His characters are life-artists. Bickle jigsaws an ideal version of himself together through the people he meets, accumulating philosophies like tacky souvenirs. A recurring motif of these “man in the room” dramas is the donning of a uniform: Mishima’s kitschy militia suits, Toller’s warrior priest cassock, and Bickle’s knight-plume mohawk. However, though he is able to greet parts of himself through creativity that would otherwise be stifled, Mishima claims that “words are insufficient” in the arena of action. Ever the masochist. If you can’t feel it sting the flesh, is it even true? Seppuku is the artist’s immaculate ending, allowing him to write his own final chapter on the world stage. No more rehearsals. Torn from his guts, language’s impotency is expunged. Meanwhile, any psychotherapist would be able to see that the miasma Bickle swears is stalking him does so because he believes himself to be unclean. There’s the rub: Schrader’s characters’ desire to permanently alter their worlds lead them inevitably back to themselves, and so their crusade must lead explosively from the inside out.

Action

However zealous the destined climax, each character’s entry point is always recognisable. When Bickle declares it’s time to clean up his act and harden his body it echoes the kind of dramatic “I’ll do 50 push-ups tomorrow morning” reboot many of us falsely promise from the bottom of a crisis. Schrader wrote Taxi Driver as therapy whilst he drove around New York, reliant on substances, and with a gun in the glove compartment “just in case”. Bickle was born as an exorcism of the villain that lay dormant inside him. It’s proof that these films are about the firepower of ideas. First Reformed’s eco-consciousness strikes a scarily contemporary chord, and sometimes it feels as if Schrader is attempting to sketch what might happen if Travis Bickle had Twitter.

It may sound reductive, but it is the laptop’s white halo that ultimately becomes Toller’s portal to the cesspit of belief. We’ve been there. One long night on YouTube and the algorithm will usher you gently towards the doors of extremism. We sleep soundly at night, safe in the knowledge that this sphere is by-and-large all bark and no bite, but its nebulous promises loom nevertheless, and nowadays our ideas feel like they’re in a taut cold war with themselves.

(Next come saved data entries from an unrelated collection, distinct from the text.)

(* Assume $\mathbb Q\subset k$, let $R=\operatorname{End}_k(A)$ and $D\in\mathcal U^p(R;\Delta)$. The following are equivalent: (a) $D\in\operatorname{HS}^p_k(A;\Delta)$; (b) $\varepsilon^{\mathfrak d}(D)\in\operatorname{Der}_k(A)[[{\bf s}]]_\Delta$ for every $k$-derivation $\mathfrak d:k[[{\bf s}]]_\Delta\to k[[{\bf s}]]_\Delta$; (c) $\varepsilon(D)\in\operatorname{Der}_k(A)[[{\bf s}]]_\Delta$.
   Context: $k$ is a commutative ring, $A$ a commutative $k$-algebra, $R=\operatorname{End}_k(A)$; ${\bf s}=\{s_1,\dots,s_p\}$ commuting variables, ${\bf s}^\alpha=s_1^{\alpha_1}\cdots s_p^{\alpha_p}$, $|\alpha|=\sum\alpha_i$. A co-ideal is a non-empty $\Delta\subset\mathbb N^p$ with $\alpha\in\Delta,\alpha'\le\alpha$ (componentwise) $\Rightarrow\alpha'\in\Delta$. For a ring/group $M$, $M[[{\bf s}]]_\Delta$ is the set of formal sums $\sum_{\alpha\in\Delta}m_\alpha{\bf s}^\alpha$ (truncated product for rings, variables central). $\mathcal U^p(R;\Delta)$ is the group of $r\in R[[{\bf s}]]_\Delta$ with $r_0=1$, $r^*$ the inverse. For a $k$-derivation $\mathfrak d$ of $k[[{\bf s}]]_\Delta$, $\mathfrak d_R(\sum r_\alpha{\bf s}^\alpha)=\sum r_\alpha\mathfrak d({\bf s}^\alpha)$ and $\varepsilon^{\mathfrak d}(r)=r^*\mathfrak d_R(r)$; $\varepsilon(r)=\varepsilon^{\boldsymbol\chi}(r)=r^*\sum_\alpha|\alpha|r_\alpha{\bf s}^\alpha$, where $\boldsymbol\chi=\sum_is_i\partial/\partial s_i$. $\operatorname{HS}^p_k(A;\Delta)$ is the set of $D=\sum_{\alpha\in\Delta}D_\alpha{\bf s}^\alpha\in R[[{\bf s}]]_\Delta$ with $D_0=\mathrm{Id}_A$ and $D_\alpha(xy)=\sum_{\beta+\gamma=\alpha}D_\beta(x)D_\gamma(y)$ for all $x,y\in A$, $\alpha\in\Delta$. *)

From HB Require Import structures.
From mathcomp Require Import all_boot all_order all_algebra.
Set Implicit Arguments. Unset Strict Implicit. Unset Printing Implicit Defensive.
Import GRing.Theory.
Local Open Scope ring_scope.

Definition midx (p : nat) := 'I_p -> nat.

Section Defs.
Variable p : nat.

Definition msize (a : midx p) : nat := (\sum_(i < p) a i)%N.
Definition mzero : midx p := fun _ => 0%N.
Definition misz (a : midx p) : bool := [forall i, a i == 0%N].
Definition mle (a b : midx p) : bool := [forall i, (a i <= b i)%N].
Definition msub (a b : midx p) : midx p := fun i => (a i - b i)%N.
Definition mi_of (N : nat) (b : {ffun 'I_p -> 'I_N}) : midx p :=
  fun i => nat_of_ord (b i).

Definition coideal (Delta : pred (midx p)) : Prop :=
  (exists a, Delta a) /\
  (forall a a', Delta a -> (forall i, (a' i <= a i)%N) -> Delta a').

(* sum over all decompositions beta + gamma = alpha of F beta gamma
   (beta ranges over all beta <= alpha, each exactly once) *)
Definition conv (V : nmodType) (a : midx p) (F : midx p -> midx p -> V) : V :=
  \sum_(b : {ffun 'I_p -> 'I_(msize a).+1} | mle (mi_of b) a)
     F (mi_of b) (msub a (mi_of b)).

(* the monomial s^alpha, as a power series with coefficients in k *)
Definition mono (k : nzSemiRingType) (a : midx p) : midx p -> k :=
  fun b => if [forall i, b i == a i] then 1 else 0.

(* truncated product in k[[s]] (meaningful modulo Delta) *)
Definition smul (k : nzSemiRingType) (f g : midx p -> k) : midx p -> k :=
  fun a => conv a (fun b c => f b * g c).

Definition eqD (Delta : pred (midx p)) (T : Type) (f g : midx p -> T) : Prop :=
  forall a, Delta a -> f a = g a.

(* k-derivations of k[[s]]_Delta, acting on representatives *)
Definition isSDer (k : comNzRingType) (Delta : pred (midx p))
    (d : (midx p -> k) -> (midx p -> k)) : Prop :=
  (forall f g, eqD Delta f g -> eqD Delta (d f) (d g)) /\
  (forall (c : k) f g,
      eqD Delta (d (fun a => c * f a + g a)) (fun a => c * d f a + d g a)) /\
  (forall f g,
      eqD Delta (d (smul f g)) (fun a => smul (d f) g a + smul f (d g) a)).

Definition klinear (k : comNzRingType) (A : lmodType k) (f : A -> A) : Prop :=
  forall (c : k) x y, f (c *: x + y) = c *: f x + f y.

Definition isDer (k : comNzRingType) (A : comAlgType k) (f : A -> A) : Prop :=
  klinear f /\ forall x y : A, f (x * y) = x * f y + f x * y.

Section Series.
Variables (k : comNzRingType) (A : comAlgType k).

Definition inU (Delta : pred (midx p)) (D : midx p -> A -> A) : Prop :=
  (forall a, Delta a -> klinear (D a)) /\ (forall x, D mzero x = x).

Definition isHS (Delta : pred (midx p)) (D : midx p -> A -> A) : Prop :=
  (forall a, Delta a -> klinear (D a)) /\ (forall x, D mzero x = x) /\
  (forall a, Delta a -> forall x y : A,
      D a (x * y) = conv a (fun b c => D b x * D c y)).

(* inverse D^* of D (with D_0 = Id), by the recursion coming from D^* D = 1:
   D^*_0 = Id, D^*_a = - sum_{b + c = a, c <> 0} D^*_b o D_c.
   The fuel argument n is msize a. *)
Fixpoint sinv_aux (D : midx p -> A -> A) (n : nat) (a : midx p) (x : A) : A :=
  match n with
  | 0 => x
  | n'.+1 => if misz a then x
             else - conv a (fun b c => if misz c then 0
                                       else sinv_aux D n' b (D c x))
  end.

Definition sinv (D : midx p -> A -> A) (a : midx p) (x : A) : A :=
  sinv_aux D (msize a) a x.

(* d_R(r) = sum_alpha r_alpha d(s^alpha); the coefficient at nu only involves
   alpha with |alpha| <= |nu| + 1 (d(s^alpha) has order >= |alpha| - 1), so the
   sum is taken over the finite box alpha_i <= |nu|+1, containing all of them. *)
Definition dR (d : (midx p -> k) -> (midx p -> k)) (r : midx p -> A -> A)
    (nu : midx p) (x : A) : A :=
  \sum_(b : {ffun 'I_p -> 'I_(msize nu).+2}) d (mono k (mi_of b)) nu *: r (mi_of b) x.

Definition epsd (d : (midx p -> k) -> (midx p -> k)) (D : midx p -> A -> A)
    (a : midx p) (x : A) : A :=
  conv a (fun b c => sinv D b (dR d D c x)).

Definition eps (D : midx p -> A -> A) (a : midx p) (x : A) : A :=
  conv a (fun b c => sinv D b (D c x *+ msize c)).

End Series.
End Defs.

(* Write D^* for the inverse of D in R[[s]]_Delta.  If D is a Hasse-Schmidt
   derivation and d a derivation of k[[s]]_Delta, then d_R(D) satisfies the
   twisted Leibniz rule d_R(D)(xy) = sum d_R(D)(x) D(y) + D(x) d_R(D)(y),
   because d is a derivation on monomials s^(b+c) = s^b s^c; composing with
   D^* turns it into a family of derivations, since D applied to the Leibniz
   defect of D^* d_R(D) vanishes and D_0 = Id lets one induct on |alpha|.
   The Euler derivation chi = sum s_i d/ds_i gives chi_R(D) = D eps(D).
   Conversely, if eps(D) consists of derivations, then D eps(D) = chi_R(D)
   shows, by induction on |alpha|, that |alpha| times the Hasse-Schmidt
   defect of D_alpha is zero; as |alpha| is invertible in k, the defect is. *)

From HB Require Import structures.
From mathcomp Require Import all_boot all_order all_algebra.
From Stdlib Require Import FunctionalExtensionality.
From mathcomp Require Import zify.
Set Implicit Arguments. Unset Strict Implicit. Unset Printing Implicit Defensive.
Import GRing.Theory.
Local Open Scope ring_scope.

Local Notation box p N := {ffun 'I_p -> 'I_N}.

Section MultiIndex.
Variable p : nat.
Local Notation M := (midx p).
Implicit Types (a b c x y : M).

Definition madd x y : M := fun i => (x i + y i)%N.
Definition meq x y : bool := [forall i, x i == y i].

Lemma meqP x y : reflect (x = y) (meq x y).
Proof.
apply: (iffP forallP) => [h|->] //; apply: functional_extensionality => i; exact/eqP.
Qed.

Lemma meq_sym x y : meq x y = meq y x.
Proof. by apply/meqP/meqP => ->. Qed.

Lemma maddC x y : madd x y = madd y x.
Proof. by apply: functional_extensionality => i; rewrite /madd addnC. Qed.

Lemma maddA x y z : madd x (madd y z) = madd (madd x y) z.
Proof. by apply: functional_extensionality => i; rewrite /madd addnA. Qed.

Lemma msize_add x y : msize (madd x y) = (msize x + msize y)%N.
Proof. by rewrite /msize /madd big_split. Qed.

Lemma coord_le_msize a i : (a i <= msize a)%N.
Proof. by rewrite /msize (bigD1 i) //= leq_addr. Qed.

Lemma coord_lt_msizeS a : [forall i, a i < (msize a).+1]%N.
Proof. by apply/forallP => i; rewrite ltnS coord_le_msize. Qed.

Lemma coord_lt_msizeSS a : [forall i, a i < (msize a).+2]%N.
Proof. by apply/forallP => i; rewrite ltnS leqW // coord_le_msize. Qed.

Lemma mle_refl a : mle a a. Proof. by apply/forallP. Qed.
Lemma mle0m a : mle (@mzero p) a. Proof. by apply/forallP. Qed.
Lemma mle_msub a b : mle (msub a b) a.
Proof. by apply/forallP => i; rewrite /msub leq_subr. Qed.

Lemma msize_mle b a : mle b a -> (msize b <= msize a)%N.
Proof. by move=> /forallP h; rewrite /msize; apply: leq_sum => i _; exact: h. Qed.

Lemma msubm0 a : msub a (@mzero p) = a.
Proof. by apply: functional_extensionality => i; rewrite /msub subn0. Qed.

Lemma msubKC b a : mle b a -> madd b (msub a b) = a.
Proof.
move=> /forallP h; apply: functional_extensionality => i.
by rewrite /madd /msub subnKC //; exact: h.
Qed.

Lemma msize_msub b a : mle b a -> msize a = (msize b + msize (msub a b))%N.
Proof. by move=> hb; rewrite -msize_add msubKC. Qed.

Lemma msize_msubE b a : mle b a -> msize (msub a b) = (msize a - msize b)%N.
Proof. by move=> hb; rewrite (msize_msub hb) addKn. Qed.

Lemma meq_madd b c a : meq (madd b c) a = mle b a && meq c (msub a b).
Proof.
apply/idP/andP => [/meqP <-|[/forallP hle /forallP heq]].
  by split; apply/forallP => i; rewrite /madd /msub ?leq_addr ?addKn.
by apply/forallP => i; rewrite /madd (eqP (heq i)) /msub subnKC //; exact: hle.
Qed.

Lemma madd_bound x y a N : [forall i, a i < N]%N -> meq (madd x y) a ->
  [forall i, x i < N]%N.
Proof.
move=> /forallP h /meqP e; apply/forallP => i.
by apply: leq_ltn_trans (h i); rewrite -e /madd leq_addr.
Qed.

Lemma miszP x : reflect (x = @mzero p) (misz x).
Proof. exact: meqP. Qed.

Lemma misz_msize x : misz x = (msize x == 0)%N.
Proof. by rewrite /msize sum_nat_eq0. Qed.

Lemma mle_mzero b : mle b (@mzero p) -> b = @mzero p.
Proof.
move=> /forallP h; apply: functional_extensionality => i.
by apply/eqP; rewrite -leqn0; exact: h.
Qed.

Lemma msize_msub_ltn b a : mle b a -> ~~ misz b -> (msize (msub a b) < msize a)%N.
Proof. by move=> hb; rewrite (msize_msub hb) misz_msize -lt0n; lia. Qed.

Lemma msize_ltn_msub b a : mle b a -> ~~ misz (msub a b) -> (msize b < msize a)%N.
Proof. by move=> hb; rewrite (msize_msub hb) misz_msize -lt0n; lia. Qed.

Lemma msub_eq_mzero b a : mle b a -> msub a b = a -> b = @mzero p.
Proof.
move=> hb e; apply/miszP; rewrite misz_msize.
by have := msize_msub hb; rewrite e; lia.
Qed.

Lemma coideal_mle (Delta : pred M) a b : coideal Delta -> Delta a -> mle b a -> Delta b.
Proof. by move=> [_ h] Da /forallP hb; apply: h Da _ => i; exact: hb. Qed.

Lemma coideal_mzero (Delta : pred M) : coideal Delta -> Delta (@mzero p).
Proof. by move=> [[a Da] h]; apply: h Da _. Qed.

Lemma msize_ind_in (Delta : pred M) (P : M -> Prop) :
  (forall a, Delta a -> (forall c, Delta c -> (msize c < msize a)%N -> P c) -> P a) ->
  forall a, Delta a -> P a.
Proof.
move=> h a; move: (leqnn (msize a)); move: {2}(msize a) => n.
elim: n a => [|n IH] a ha Da; apply: h => // c Dc hc; first by move: (leq_trans hc ha).
by apply: IH => //; rewrite -ltnS (leq_trans hc ha).
Qed.

End MultiIndex.

Section Convolution.
Variables (p : nat) (V : nmodType).
Local Notation M := (midx p).
Implicit Types (a b c g : M).

Lemma sum_box_delta N g (H : M -> V) :
  \sum_(b : box p N) (if meq (mi_of b) g then H (mi_of b) else 0)
  = if [forall i, g i < N]%N then H g else 0.
Proof.
case: forallP => [hg|hg].
  pose b0 : box p N := [ffun i => Ordinal (hg i)].
  have e0 : mi_of b0 = g.
    by apply: functional_extensionality => i; rewrite /mi_of ffunE.
  rewrite (bigD1 b0) //= e0 (introT (meqP g g)) // big1 ?addr0 // => b nb.
  case: meqP => // eb; case/eqP: nb; apply/ffunP => i; apply/val_inj.
  by rewrite ffunE /= -eb.
rewrite big1 // => b _; case: meqP => // eb.
by case: hg => i; rewrite -eb; exact: ltn_ord.
Qed.

Lemma sum_box_resize N1 N2 (P : pred M) (G : M -> V) :
  (forall g, P g -> [forall i, g i < N1]%N && [forall i, g i < N2]%N) ->
  \sum_(b : box p N1 | P (mi_of b)) G (mi_of b) =
  \sum_(b : box p N2 | P (mi_of b)) G (mi_of b).
Proof.
move=> hP.
transitivity (\sum_(b : box p N1 | P (mi_of b)) \sum_(c : box p N2)
    (if meq (mi_of c) (mi_of b) then G (mi_of c) else 0)).
  by apply: eq_bigr => b Pb; rewrite sum_box_delta; case/andP: (hP _ Pb) => _ ->.
rewrite exchange_big /= [RHS]big_mkcond /=; apply: eq_bigr => c _.
rewrite big_mkcond /=.
transitivity (\sum_(b : box p N1) (if meq (mi_of b) (mi_of c) then
                 (if P (mi_of c) then G (mi_of c) else 0) else 0)).
  apply: eq_bigr => b _; case: (meqP (mi_of b) (mi_of c)) => [->|ne].
    by rewrite (introT (meqP _ _)).
  by case: meqP => [e|]; [case: ne|case: (P _)].
rewrite (sum_box_delta N1 (mi_of c) (fun _ => if P (mi_of c) then G (mi_of c) else 0)).
case Pc: (P (mi_of c)); last by case: ifP.
by case/andP: (hP _ Pc) => ->.
Qed.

It’s difficult not to see in Schrader’s subjects the DNA of those scores of men present in the shadowy recesses of the internet, where insecurity leads to indignation, and ultimately becomes a dangerous righteousness. In Mishima there’s the cult of personality and, in Bickle, the message-board frequenters who are drawn to them. In all three men’s obsession with bending the world beautiful, clean, or divine, there is more than a hint of the eugenicist. Yet Schrader’s ability to build such a traceable psychological map is what makes his oeuvre so fascinating. The question that compels the viewer is whether the onscreen arc is an ascent to salvation, or a fatal spiral to delusion.

Harmony

What is the difference between suicide and sacrifice? Seppuku is duty, it would be a dishonour not to carry it out. The Christian mind has more complicated notions of self-destruction, but Toller may just believe that his is in the name of the Lord. Loss of the spirit in devotion to a higher cause is honoured by loss of the body.

Death is always present for Schrader’s characters, but it’s never a threat – it represents a choice, a window to purpose that serves as the final transgressive point where body meets soul. By the time De Niro’s Travis Bickle warps into Ogata’s Mishima and is ultimately reborn as Hawke’s Pastor Toller, the trajectory of his characters’ lust for death is clear. This is not suicide, it’s martyrdom, and eternal harmony lies on the other side of its starry border.